Two farm schools were set up through Villar Social Institute for Poverty Alleviation and Governance (Villar SIPAG) in Las Piñas City-Bacoor, Cavite and in San Jose del Monte, Bulacan.
Trainings and lectures comprise crop farming (vegetable farming, mushroom and sweet corn production), fisheries and aquaculture, farm business school (financial literacy and profitability, selling and marketing, farm tourist site accreditation and farm visits) and other farm trainings (honeybee keeping, green charcoal briquetting technology, bamboo propagation, plantation establishment and harvesting; forage management, orchid cultivation and cutflower production, organic farming and vermiculture composting).
The schools are using school desks made of recycled plastics, the same chairs that Villar donated to public schools all over the country.
Allied Botanical, Department of Environment and Natural Resources, University of the Philippines – Los Baños, Macondray Plastics, Bureau of Animal Industry, Department of Agriculture, Bureau of Fisheries and Aquatic Resources, East-West Seeds, Sygenta Philippines and the Philippine Horticultural Society will share their expertise and knowledge during the entire course of the program.
Approximately 2,500 students have already graduated from the farm schools of San Jose del Monte Bulacan and Las Piñas – Bacoor.
The Villar Sipag Farm School launched Sagip Bukas in October 2016 where drug surenderers from Las Piñas learn about farming during a 12 week community-based drug rehabilitation training program.
The courses are offered for free and students take home some free seeds and other implements which they are expected to utilize at home or in their respective areas where they can make agriculture a profitable investment.
Villar, who heads the Senate Committee on Agriculture and Food, believes that a key solution to ensure the country’s food security is to support small farmers.
According to the UN Food and Agriculture Organization, 80 percent of the food consumed globally comes from small farms.
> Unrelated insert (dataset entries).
(* Let $\{\Delta_1,\dots,\Delta_r\}$ be a nef-partition of a reflexive polytope $\Delta$ with dual nef-partition $\{\nabla_1,\dots,\nabla_r\}$, let $i\in J\subset I=\{1,\dots,r\}$. Then a nonzero lattice point $w\in M$ lies in the relative interior of $\Delta_i+\sum_{j\in J}\Delta_j$ (where $\Delta_i$ appears twice) if and only if $w\in\Delta_i^0$ and $0$ lies in the relative interior of $\sum_{j\notin J}\nabla_j(w)$ (an empty sum being $\{0\}$). Moreover, in this case $$\dim\Big(\Delta_i+\sum_{j\in J}\Delta_j\Big)+\dim\Big(\sum_{j\notin J}\nabla_j(w)\Big)=d.$$
   Context: Let $M\cong\mathbb Z^d$, $N=\mathrm{Hom}(M,\mathbb Z)$, $\langle\cdot,\cdot\rangle$ the pairing. A $d$-dimensional lattice polytope $\Delta\subset M_{\mathbb R}$ is reflexive if $\Delta=\{x:\langle x,e_k\rangle\ge-1,\ k=1,\dots,n\}$ with $e_k\in N$ the primitive inward facet normals. A nef-partition is a Minkowski decomposition $\Delta=\Delta_1+\dots+\Delta_r$ into lattice polytopes with $\varphi_j(e_k)\in\{0,1\}$ for all $j,k$, $\varphi_j(y)=-\min_{x\in\Delta_j}\langle x,y\rangle$; the dual nef-partition consists of $\nabla_j=\mathrm{Conv}(\{0\}\cup\{e_k:\varphi_j(e_k)=1\})\subset N_{\mathbb R}$, and $\nabla^*=\mathrm{Conv}(\Delta_1\cup\dots\cup\Delta_r)$ is a reflexive polytope. Put $\mathcal V(\nabla^* )=\partial\nabla^*\cap M$ and $\Delta_i^0=\Delta_i\cap\mathcal V(\nabla^* )$. For $w\in M$, $\nabla_j(w)$ denotes the face of $\nabla_j$ on which $\langle w,\cdot\rangle$ attains its minimum. *)

(* points of M_R = R^d (and of N_R) are row vectors 'rV[R]_d,
   R : realType.  M and N = Hom(M,Z) are both identified with Z^d via a basis
   and its dual basis, so that <x,y> = sum_k x_k y_k. *)
From HB Require Import structures.
From mathcomp Require Import all_boot all_order all_algebra.
From mathcomp Require Import reals.
Set Implicit Arguments. Unset Strict Implicit. Unset Printing Implicit Defensive.
Import Order.TTheory GRing.Theory Num.Theory.
Local Open Scope ring_scope.

Section Polytopes.
Variables (R : realType) (d : nat).
Local Notation vec := 'rV[R]_d.

Definition pset := vec -> Prop.

Definition pairing (x y : vec) : R := \sum_(k < d) x 0 k * y 0 k.

Definition lattice (x : vec) : Prop := forall k, x 0 k \is a Num.int.

Definition primitive (e : vec) : Prop :=
  lattice e /\ forall t : R, 0 < t -> t < 1 -> ~ lattice (t *: e).

Definition conv (V : seq vec) : pset := fun x =>
  exists l : 'I_(size V) -> R, (forall i, 0 <= l i) /\ \sum_i l i = 1 /\
    x = \sum_i l i *: nth 0 V i.

Definition lattice_polytope (P : pset) : Prop :=
  exists V : seq vec, (forall v, v \in V -> lattice v) /\ forall x, P x <-> conv V x.

Definition msum2 (P Q : pset) : pset := fun x => exists p q, P p /\ Q q /\ x = p + q.
Definition msum (Ps : seq pset) : pset := foldr msum2 (fun x => x = 0) Ps.

Definition aff (P : pset) : pset := fun x =>
  exists (n : nat) (p : 'I_n -> vec) (l : 'I_n -> R),
    (forall i, P (p i)) /\ \sum_i l i = 1 /\ x = \sum_i l i *: p i.

Definition ball (x : vec) (eps : R) : pset := fun y =>
  forall k, `|y 0 k - x 0 k| < eps.

Definition interior (P : pset) : pset := fun x =>
  exists2 eps : R, 0 < eps & forall y, ball x eps y -> P y.
Definition boundary (P : pset) : pset := fun x => P x /\ ~ interior P x.
Definition relint (P : pset) : pset := fun x =>
  P x /\ exists2 eps : R, 0 < eps & forall y, aff P y -> ball x eps y -> P y.

(* affine dimension: P has dimension n iff n is the maximal number m such that
   P contains m+1 affinely independent points p_0,...,p_m (i.e. the rank of the
   matrix with rows p_i - p_0 equals m). *)
Definition diffmx (m : nat) (p : 'I_m.+1 -> vec) : 'M[R]_(m, d) :=
  \matrix_(i < m, k < d) (p (lift ord0 i) 0 k - p ord0 0 k).
Definition affdim (P : pset) (n : nat) : Prop :=
  (exists p : 'I_n.+1 -> vec, (forall i, P (p i)) /\ \rank (diffmx p) = n) /\
  (forall (m : nat) (p : 'I_m.+1 -> vec), (forall i, P (p i)) -> (\rank (diffmx p) <= n)%N).

(* phi_P(y) = c, where phi_P(y) = - min_{x in P} <x,y> *)
Definition phi_eq (P : pset) (y : vec) (c : R) : Prop :=
  (forall x, P x -> - c <= pairing x y) /\ (exists2 x, P x & pairing x y = - c).

Definition minface (P : pset) (w : vec) : pset := fun y =>
  P y /\ forall z, P z -> pairing w y <= pairing w z.

(* reflexive polytope with primitive inward facet normals e_1..e_n:
   P is a d-dimensional lattice polytope, P = {x : <x,e_k> >= -1 for all k},
   the e_k are pairwise distinct primitive lattice vectors, and each
   {x in P : <x,e_k> = -1} is a facet (of dimension d-1). *)
Definition reflexive_with_normals (P : pset) (e : seq vec) : Prop :=
  [/\ lattice_polytope P, affdim P d,
      (forall x, P x <-> forall k, k \in e -> - 1 <= pairing x k),
      uniq e &
      forall k, k \in e ->
        primitive k /\ affdim (fun x => P x /\ pairing x k = - 1) d.-1].

Definition nef_partition (P : pset) (e : seq vec) (r : nat) (D : 'I_r -> pset) : Prop :=
  [/\ forall j, lattice_polytope (D j),
      (forall x, P x <-> msum [seq D j | j <- enum 'I_r] x) &
      forall j k, k \in e -> phi_eq (D j) k 0 \/ phi_eq (D j) k 1].

(* dual nef-partition: nabla_j = Conv({0} u {e_k : phi_j(e_k) = 1}) *)
Definition nabla (e : seq vec) (r : nat) (D : 'I_r -> pset) (j : 'I_r) : pset :=
  fun y => exists (l0 : R) (l : 'I_(size e) -> R),
    0 <= l0 /\ (forall k, 0 <= l k) /\ l0 + \sum_k l k = 1 /\
    (forall k, l k != 0 -> phi_eq (D j) (nth 0 e k) 1) /\
    y = \sum_k l k *: nth 0 e k.

(* nabla^* = Conv(D_1 u ... u D_r) *)
Definition nabla_star (r : nat) (D : 'I_r -> pset) : pset := fun x =>
  exists (n : nat) (p : 'I_n -> vec) (l : 'I_n -> R),
    (forall i, exists j, D j (p i)) /\ (forall i, 0 <= l i) /\
    \sum_i l i = 1 /\ x = \sum_i l i *: p i.

(* Delta_i^0 = Delta_i n V(nabla-star), V(nabla-star) = boundary(nabla-star) n M *)
Definition Dzero (r : nat) (D : 'I_r -> pset) (i : 'I_r) : pset := fun x =>
  D i x /\ boundary (nabla_star D) x /\ lattice x.

End Polytopes.

From Pilot Require Import Defs.
From HB Require Import structures.
From mathcomp Require Import all_boot all_order all_algebra.
From mathcomp Require Import boolp reals ring lra.
Import Order.TTheory GRing.Theory Num.Theory.
Local Open Scope ring_scope.
Set Implicit Arguments. Unset Strict Implicit. Unset Printing Implicit Defensive.

(* Every polyhedron in sight is cut out by half-spaces with normals in e.
   Separating a point from Delta_j and minimising the separating functional
   over Delta at a vertex, Farkas' lemma gives
   Delta_j = {x : <x,e_k> >= -phi_j(e_k)}, hence
   A := Delta_i + sum_{j in J} Delta_j = {x : <x,e_k> >= -phi_A(e_k)} with
   phi_A = phi_i + sum_{j in J} phi_j.  A point of such a polyhedron lies in its
   relative interior iff the normals tight at it are positively dependent.
   For w in relint A, integrality of <w,e_k> and phi_J <= 1 force w in Delta_i,
   and a nonzero lattice point of Delta_i lies on the boundary of nabla^*,
   since otherwise all <w,e_k> >= 0 and the ray R_+ w would stay in Delta.
   For w in Delta_i the normals tight at w for A are the e_k with <w,e_k> = 0
   and phi_j(e_k) = 1 for some j outside J, i.e. the vertices of the faces
   nabla_j(w), and B = sum_{j notin J} nabla_j(w) is a neighbourhood of 0 in
   their span exactly when they are positively dependent.  Then aff A is w plus
   the orthogonal complement of this span and aff B is the span itself, so the
   two dimensions add up to d. *)

Local Notation "<< x , y >>" := (pairing x y).

Section Pairing.
Variables (R : realType) (n : nat).
Local Notation vec := 'rV[R]_n.

Lemma pairingC (x y : vec) : <<x, y>> = <<y, x>>.
Proof. by apply: eq_bigr => k _; rewrite mulrC. Qed.

Lemma pairingDl (x y z : vec) : <<x + y, z>> = <<x, z>> + <<y, z>>.
Proof. by rewrite /pairing -big_split; apply: eq_bigr => k _; rewrite mxE mulrDl. Qed.

Lemma pairingZl a (x z : vec) : <<a *: x, z>> = a * <<x, z>>.
Proof. by rewrite /pairing mulr_sumr; apply: eq_bigr => k _; rewrite mxE mulrA. Qed.

Lemma pairingNl (x z : vec) : <<- x, z>> = - <<x, z>>.
Proof. by rewrite -scaleN1r pairingZl mulN1r. Qed.

Lemma pairingBl (x y z : vec) : <<x - y, z>> = <<x, z>> - <<y, z>>.
Proof. by rewrite pairingDl pairingNl. Qed.

Lemma pairing0l (z : vec) : <<0, z>> = 0.
Proof. by rewrite /pairing big1 // => k _; rewrite mxE mul0r. Qed.

Lemma pairingZr a (x z : vec) : <<z, a *: x>> = a * <<z, x>>.
Proof. by rewrite !(pairingC z) pairingZl. Qed.

Lemma pairingNr (x z : vec) : <<z, - x>> = - <<z, x>>.
Proof. by rewrite !(pairingC z) pairingNl. Qed.

Lemma pairingBr (x y z : vec) : <<z, x - y>> = <<z, x>> - <<z, y>>.
Proof. by rewrite !(pairingC z) pairingBl. Qed.

Lemma pairing0r (z : vec) : <<z, 0>> = 0.
Proof. by rewrite pairingC pairing0l. Qed.

Lemma pairing_suml I (s : seq I) (P : pred I) (F : I -> vec) y :
  <<\sum_(i <- s | P i) F i, y>> = \sum_(i <- s | P i) <<F i, y>>.
Proof.
elim/big_rec2: _ => [|i a b _ IH]; first exact: pairing0l.
by rewrite pairingDl IH.
Qed.

Lemma pairing_sumr I (s : seq I) (P : pred I) (F : I -> vec) y :
  <<y, \sum_(i <- s | P i) F i>> = \sum_(i <- s | P i) <<y, F i>>.
Proof. by rewrite pairingC pairing_suml; apply: eq_bigr => i _; exact: pairingC. Qed.

Lemma pairing_self_gt0 (b : vec) : b != 0 -> 0 < <<b, b>>.
Proof.
move=> bn0; have [k bk] : exists k, b 0 k != 0.
  apply/existsP; apply: contraR bn0; rewrite negb_exists => /forallP b0.
  by apply/eqP/matrixP => i j; rewrite mxE (ord1 i); exact/eqP/negPn/b0.
rewrite /pairing (bigD1 k) //= -expr2.
apply: ltr_wpDr; first by apply: sumr_ge0 => j _; rewrite -expr2 sqr_ge0.
by rewrite lt_def sqrf_eq0 bk sqr_ge0.
Qed.

Lemma pairing_row_mx n1 n2 (z : 'rV[R]_(n1 + n2)) (u : 'rV_n1) (v : 'rV_n2) :
  <<z, row_mx u v>> = <<lsubmx z, u>> + <<rsubmx z, v>>.
Proof.
rewrite /pairing big_split_ord; congr (_ + _); apply: eq_bigr => k _.
  by rewrite row_mxEl mxE.
by rewrite row_mxEr mxE.
Qed.

End Pairing.

Definition ord_cons (T : Type) m (c : T) (l : 'I_m -> T) (k : 'I_m.+1) : T :=
  if unlift ord0 k is Some k' then l k' else c.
Unfortunately farms are left in forlorn as the young generation would go to cities and other urban areas to find work because of the meager income.
Recent data showed farmers earn only P150 a day or P4,500 a month, way below the poverty threshold of P5,000 a month.
Villar underscored the need to give incentives to small farmers to catch up with 1.5 million people estimated to be involved in family farming in over 500 million small farms worldwide.
For this reason, Villar believes that there should be more farming schools or farm tourism camps all over the country as a venue for higher learning for many farmers.
Since the enactment of Republic Act 10816 or the Farm Tourism Development Act, the number of farmers, farm owners and farming communities that enjoy the benefits of converting their farms into tourist destinations has grown significantly.
Villar recently launched a directory of these farms to serve as reference guide to enthusiasts, interested trainees and tourists.
“It is our hope that the directory will be useful in spreading the word about the joys of farming and its potential to lift people out of poverty,” Villar said.
“Increasing the number of venues for agriculture-related training will also help remove the barriers that prevent Filipino farmers and fisherfolks to have more income and be more competitive, which are lack of technology, mechanization, financial literacy, and inability to access cheap credit,” she added.